Figure 5. Evidence of marginally elevated CARD11-induced NF-κB signaling in patient lymphocytes

(A) Confocal microscopy analysis of CARD11 expression (green) in purified B and T cells from the patient (Pt) and a normal donor (Ctrl). The percentage of cells with visible CARD11 aggregates (white arrowheads) was quantified by scoring ~200 cells from multiple fields. Scoring data represent mean ± standard deviation from two blinded scorers; p<0.03 (B cells), p<0.01 (T cells). Scalebars = 5 μm. (B) Confocal microscopy imaging of phospho-IKK, p65 (RelA) and RelB in control and patient lymphocytes. Scalebars = 5 μm. (C) Immunoblotting of total lysates from purified T cells and naïve B cells prepared from the patient (Pt) and a normal donor (Ctrl). Detected proteins are listed at right; β-actin serves as a loading control. Data are representative of two separate blood draws.

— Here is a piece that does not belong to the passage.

(* Let $A$ be a weak bimonoid in a duoidal category $(\mathcal M,\circ,I,\bullet,J)$. Then there is a functor $F:\mathcal M^I\to\mathcal M^A_A$ such that $U^A\circ F=((-)\circ A)\circ U^I$, where $U^I:\mathcal M^I\to\mathcal M$ and $U^A:\mathcal M^A_A\to\mathcal M_A$ are the forgetful functors and $(-)\circ A:\mathcal M\to\mathcal M_A$ sends $X$ to the free right $A$-module $(X\circ A,X\circ\mu)$.
   Context: Composition of morphisms is written $g\cdot f$ ($f$ first). Associativity and unit isomorphisms of both monoidal products are suppressed. A duoidal category $(\mathcal M,\circ,I,\bullet,J)$ is a category $\mathcal M$ with two monoidal structures $(\circ,I)$ and $(\bullet,J)$, morphisms $\delta:I\to I\bullet I$, $\varpi:J\circ J\to J$, $\tau:I\to J$, and a natural transformation $\zeta_{A,B,C,D}:(A\bullet B)\circ(C\bullet D)\to(A\circ C)\bullet(B\circ D)$ such that: $(J,\varpi,\tau)$ is a monoid in $(\mathcal M,\circ,I)$; $(I,\delta,\tau)$ is a comonoid in $(\mathcal M,\bullet,J)$; for all objects, $\zeta_{A,B,C\circ E,D\circ F}\cdot((A\bullet B)\circ\zeta_{C,D,E,F})=\zeta_{A\circ C,B\circ D,E,F}\cdot(\zeta_{A,B,C,D}\circ(E\bullet F))$ and $((A\circ D)\bullet\zeta_{B,C,E,F})\cdot\zeta_{A,B\bullet C,D,E\bullet F}=(\zeta_{A,B,D,E}\bullet(C\circ F))\cdot\zeta_{A\bullet B,C,D\bullet E,F}$; and $\zeta_{I,I,A,B}\cdot(\delta\circ(A\bullet B))=\mathrm{id}=\zeta_{A,B,I,I}\cdot((A\bullet B)\circ\delta)$, $(\varpi\bullet(A\circ B))\cdot\zeta_{J,A,J,B}=\mathrm{id}=((A\circ B)\bullet\varpi)\cdot\zeta_{A,J,B,J}$. A weak bimonoid is an object $A$ with a monoid structure $(\mu,\eta)$ in $(\mathcal M,\circ,I)$ and a comonoid structure $(\Delta,\varepsilon)$ in $(\mathcal M,\bullet,J)$ satisfying, with $e:=\Delta\cdot\eta$ and $\bar\mu:=\varepsilon\cdot\mu$: (WB) $\Delta\cdot\mu=(\mu\bullet\mu)\cdot\zeta_{A,A,A,A}\cdot(\Delta\circ\Delta)$. (RRU) $(I\bullet A\bullet\mu\bullet A)\cdot(\zeta_{I,A,I\bullet A,A}\bullet A)\cdot(((I\bullet A)\circ(I\bullet e))\bullet A)\cdot(((I\bullet A)\circ\delta)\bullet A)\cdot(I\bullet e)\cdot\delta=(I\bullet A\bullet\Delta)\cdot(I\bullet\Delta)\cdot(I\bullet\eta)\cdot\delta$. (RLU) $(I\bullet A\bullet\mu\bullet A)\cdot(\zeta_{I\bullet A,A,I,A}\bullet A)\cdot(((I\bullet e)\circ(I\bullet A))\bullet A)\cdot((\delta\circ(I\bullet A))\bullet A)\cdot(I\bullet e)\cdot\delta=(I\bullet A\bullet\Delta)\cdot(I\bullet\Delta)\cdot(I\bullet\eta)\cdot\delta$. (LRU) $(A\bullet\mu\bullet A\bullet I)\cdot(A\bullet\zeta_{A,I,A,A\bullet I})\cdot(A\bullet((A\bullet I)\circ(e\bullet I)))\cdot(A\bullet((A\bullet I)\circ\delta))\cdot(e\bullet I)\cdot\delta=(\Delta\bullet A\bullet I)\cdot(\Delta\bullet I)\cdot(\eta\bullet I)\cdot\delta$. (LLU) $(A\bullet\mu\bullet A\bullet I)\cdot(A\bullet\zeta_{A,A\bullet I,A,I})\cdot(A\bullet((e\bullet I)\circ(A\bullet I)))\cdot(A\bullet(\delta\circ(A\bullet I)))\cdot(e\bullet I)\cdot\delta=(\Delta\bullet A\bullet I)\cdot(\Delta\bullet I)\cdot(\eta\bullet I)\cdot\delta$. (LRC) $\varpi\cdot(J\circ\bar\mu)\cdot((\varpi\bullet(J\circ A))\circ A)\cdot(((J\circ\bar\mu)\bullet(J\circ A))\circ A)\cdot(\zeta_{J\circ A,J,A,A}\circ A)\cdot(J\circ A\circ\Delta\circ A)=\varpi\cdot(J\circ\varepsilon)\cdot(J\circ\mu)\cdot(J\circ A\circ\mu)$. (LLC) $\varpi\cdot(J\circ\bar\mu)\cdot(((J\circ A)\bullet\varpi)\circ A)\cdot(((J\circ A)\bullet(J\circ\bar\mu))\circ A)\cdot(\zeta_{J,J\circ A,A,A}\circ A)\cdot(J\circ A\circ\Delta\circ A)=\varpi\cdot(J\circ\varepsilon)\cdot(J\circ\mu)\cdot(J\circ A\circ\mu)$. (RRC) $\varpi\cdot(\bar\mu\circ J)\cdot(A\circ(\varpi\bullet(A\circ J)))\cdot(A\circ((\bar\mu\circ J)\bullet(A\circ J)))\cdot(A\circ\zeta_{A,A,A\circ J,J})\cdot(A\circ\Delta\circ A\circ J)=\varpi\cdot(\varepsilon\circ J)\cdot(\mu\circ J)\cdot(\mu\circ A\circ J)$. (RLC) $\varpi\cdot(\bar\mu\circ J)\cdot(A\circ((A\circ J)\bullet\varpi))\cdot(A\circ((A\circ J)\bullet(\bar\mu\circ J)))\cdot(A\circ\zeta_{A,A,J,A\circ J})\cdot(A\circ\Delta\circ A\circ J)=\varpi\cdot(\varepsilon\circ J)\cdot(\mu\circ J)\cdot(\mu\circ A\circ J)$. $\mathcal M^I$ is the category of comodules over the comonoid $(I,\delta,\tau)$ in $(\mathcal M,\bullet,J)$: objects $(Z,\varrho:Z\to Z\bullet I)$ with $(Z\bullet\delta)\cdot\varrho=(\varrho\bullet I)\cdot\varrho$ and $(Z\bullet\tau)\cdot\varrho=\mathrm{id}_Z$, morphisms commuting with the coactions. $\mathcal M_A$ is the category of right modules over the monoid $A$ in $(\mathcal M,\circ,I)$. The category $\mathcal M^A_A$ of Hopf modules has objects $(M,\gamma,\varrho)$ with $(M,\gamma:M\circ A\to M)$ a right $A$-module, $(M,\varrho:M\to M\bullet A)$ a right comodule over the comonoid $(A,\Delta,\varepsilon)$ in $(\mathcal M,\bullet,J)$, such that $\varrho\cdot\gamma=(\gamma\bullet A)\cdot((M\circ A)\bullet\mu)\cdot\zeta_{M,A,A,A}\cdot((M\bullet A)\circ\Delta)\cdot(\varrho\circ A)$; morphisms are morphisms that are both $A$-module and $A$-comodule maps. $U^A$ forgets the coaction. *)

(* Coherence isomorphisms that the paper suppresses are inserted explicitly. *)
Set Implicit Arguments.
Unset Strict Implicit.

Figure 6. Comparative analysis of enhanced cell cycle progression and survival of patient B cells upon stimulation

(A) Heat map of 19 differentially expressed cell cycle-related genes in naïve B cells from the patient (P6) relative to other BENTA patients and B cell controls. Color intensity represents fragments per kilobase per million (FPKM) values derived from paired-end RNA-Seq analysis. (B) Quantitative PCR validation of the expression of selected genes in controls versus BENTA patients, derived from the cell cycle signature outlined in (A). (C) KREC analysis of in vivo replication history (displayed as # of cell divisions) for sorted immature and mature naïve B cells from P6, P3, and a normal control. (D) Cell cycle profiling of naïve B cells from control, P3, and P6. Markers represent the percentage of cells in G1 (M1), S (M2), and G2/M (M3) phases of the cell cycle. Data in (C) and (D) are representative of two experiments. (E) CFSE dilution analysis of naïve B cells left unstimulated (gray filled histogram) or activated with anti-IgM F(ab)₂ plus anti-CD40 (blue) or dextran-conjugated anti-IgM plus anti-CD40 (green) for 5 days. The percentage of divided cells and the proliferative index (total # of divisions/total # of dividing cells) are displayed at right for activated samples. Data are representative of three separate experiments. (F) Cell survival assays for naïve B cells purified from a normal control (black), P3 (gray), or P6 (blue) −/+ stimulation with anti-IgM F(ab)₂ plus anti-CD40. Cell viability was measured over 5 days in culture. Data are representative of two separate experiments. (G) Quantitation of apoptotic cells following BCR stimulation. The percentage of Annexin V⁺ apoptotic cells (inset numbers) within the actively dividing population (based on CFSE dilution) from (F) was determined on day 5 by flow cytometry.